WHAT THE EXERCISE ASKS: Could you show all lines in the entries below that contain the string "Printing"?

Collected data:
(* Let $\Gamma_H$ be the H-junction tree with edges $e_1,\dots,e_5$ of propagation times $t_1,\dots,t_5$, linearly independent over $\mathbb{Q}$, where the two interior vertices are $A$ (incident to $e_1,e_2,e_3$) and $B$ (incident to $e_3,e_4,e_5$). Then for all $T\ge 0$ $$N(\Gamma_H,A,B,T) = \#[2n_1t_1 + 2n_2t_2 + 2n_3t_3 + 2n_4t_4 \le T - t_3] + \#[2n_1t_1 + 2n_2t_2 + 2n_3t_3 + 2n_5t_5 \le T - t_3] + \#[2n_1t_1 + 2n_2t_2 + 2n_4t_4 + 2n_5t_5 \le T - t_3] - \#[2n_1t_1 + 2n_2t_2 \le T - t_3].$$
   Context: $\Gamma_H$ has six vertices: $A$, $B$, and the four distinct valence-one endpoints of $e_1,e_2,e_4,e_5$ other than $A$, $B$; $e_3$ joins $A$ and $B$. Dynamics: each edge $e_i$ is traversed in time $t_i$; at time $0$ the process starts at $A$ (a point departs from $A$ along each incident edge); at a valence-one vertex a point is reflected; if $k$ points arrive simultaneously at an interior vertex of valence $v$, then $v$ points leave it, one along each incident edge, and $v-k$ new points are said to be born there. $N(\Gamma,A,X,T)$ is the total number of new points born at vertex $X$ up to the moment $T$ when the process starts at $A$. $\#[\text{inequality}]$ denotes the number of tuples of nonnegative integers $n_i$ satisfying the inequality (it is $0$ if the right-hand side is negative). *)

From HB Require Import structures.
From mathcomp Require Import all_boot all_algebra.
From mathcomp Require Import boolp classical_sets fsbigop reals.
Set Implicit Arguments. Unset Strict Implicit. Unset Printing Implicit Defensive.
Import GRing.Theory Num.Theory.
Local Open Scope ring_scope.
Local Open Scope classical_set_scope.

Inductive vtx := VA | VB | V1 | V2 | V4 | V5.
Inductive edge := E1 | E2 | E3 | E4 | E5.

Definition ends (e : edge) : vtx * vtx :=
  match e with
  | E1 => (VA, V1) | E2 => (VA, V2) | E3 => (VA, VB)
  | E4 => (VB, V4) | E5 => (VB, V5)
  end.

Definition all_edges : seq edge := [:: E1; E2; E3; E4; E5].

Definition joins (e : edge) (u v : vtx) : Prop :=
  ends e = (u, v) \/ ends e = (v, u).

Definition incident (e : edge) (v : vtx) : Prop := exists u, joins e u v.

Definition valence (v : vtx) : nat :=
  \sum_(e <- all_edges) (asbool (incident e v) : nat).

Definition tH (R : realType) (t1 t2 t3 t4 t5 : R) (e : edge) : R :=
  match e with E1 => t1 | E2 => t2 | E3 => t3 | E4 => t4 | E5 => t5 end.

(* At time 0 points leave the starting vertex src along each
   incident edge; whenever a point arrives at a vertex v (along any edge),
   at that moment points leave v along every incident edge (reflection at a
   valence-one vertex; at an interior vertex v points leave). *)
Inductive departs (R : realType) (t : edge -> R) (src : vtx) : vtx -> R -> Prop :=
| dep_start : departs t src src 0
| dep_step : forall (e : edge) (u v : vtx) (s : R),
    joins e u v -> departs t src u s -> departs t src v (s + t e).

Definition arrives_via (R : realType) (t : edge -> R) (src v : vtx) (e : edge)
    (tau : R) : Prop :=
  exists u s, joins e u v /\ departs t src u s /\ tau = s + t e.

(* number k of points arriving simultaneously at v at time tau *)
Definition n_arrivals (R : realType) (t : edge -> R) (src v : vtx) (tau : R) : nat :=
  \sum_(e <- all_edges) (asbool (arrives_via t src v e tau) : nat).

Definition arrival_times (R : realType) (t : edge -> R) (src v : vtx) (T : R) : set R :=
  [set tau | tau <= T /\ exists e, arrives_via t src v e tau].

(* N(Gamma, src, X, T): total number of new points born at X up to moment T;
   at each arrival moment tau, valence X - k points are born. *)
Definition N_born (R : realType) (t : edge -> R) (src X : vtx) (T : R) : R :=
  \sum_(tau \in arrival_times t src X T)
     ((valence X - n_arrivals t src X tau)%N%:R : R).

(* #[ 2 n_1 a_1 + ... + 2 n_k a_k <= c ] : number of tuples of nonnegative
   integers (n_1,...,n_k), k = size a, satisfying the inequality. *)
Definition count_sol (R : realType) (a : seq R) (c : R) : R :=
  \sum_(n \in [set n : seq nat | size n = size a /\
        \sum_(i < size a) 2 * (nth 0%N n i)%:R * nth 0 a i <= c]) (1 : R).

From HB Require Import structures.
From mathcomp Require Import all_boot all_order all_algebra.
From mathcomp Require Import boolp classical_sets fsbigop reals.
From mathcomp Require Import functions cardinality.
From mathcomp Require Import ring lra zify.
Import Order.TTheory GRing.Theory Num.Theory.
Local Open Scope ring_scope.
Local Open Scope classical_set_scope.
Set Implicit Arguments.
Unset Strict Implicit.
Unset Printing Implicit Defensive.

(* A point leaving A bounces back and forth along the edges, so the moments
   at which points leave B are exactly t3 + 2 (m1 t1 + ... + m5 t5) for
   m in N^5.  The moment indexed by m is an arrival along e4 iff m4 > 0, along
   e5 iff m5 > 0, and along e3 iff m3 > 0 or m4 = m5 = 0 (with m3 = 0 the
   point must have gone A -> B without returning to A after visiting e4 or e5).
   Linear independence makes m |-> moment injective, so 3 - k at moment m equals
   [m5 = 0] + [m4 = 0] + [m3 = 0] - [m3 = m4 = m5 = 0], and summing over the
   moments <= T yields the four counts. *)

Lemma joins_sym e u v : joins e u v -> joins e v u.
Proof. by case=> H; [right|left]. Qed.

Lemma departs_bounce (R : realType) (t : edge -> R) src e u v s k :
  joins e u v -> departs t src u s -> departs t src u (s + 2 * (k%:R * t e)).
Proof.
move=> J D; elim: k => [|k IH]; first by rewrite mul0r mulr0 addr0.
have D' := dep_step (joins_sym J) (dep_step J IH).
by apply: (eq_ind _ (departs t src u) D'); rewrite -natr1; ring.
Qed.

Lemma fsbig_setI_indicator (T : choiceType) (R : pzSemiRingType) (A : set T)
    (p : pred T) :
  \sum_(x \in A `&` [set x | p x]) (1 : R) = \sum_(x \in A) ((p x)%:R : R).
Proof.
rewrite (eq_fsbigr (fun x => (p x)%:R)); last by move=> x; rewrite inE => -[_ ->].
apply: fsbig_widen => [x [] //|x [Ax] /= npx].
by case: (boolP (p x)) npx => // px []; split.
Qed.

RESPONSE BOX:
Set Implicit Arguments. Unset Strict Implicit. Unset Printing Implicit Defensive.
Unset Printing Implicit Defensive.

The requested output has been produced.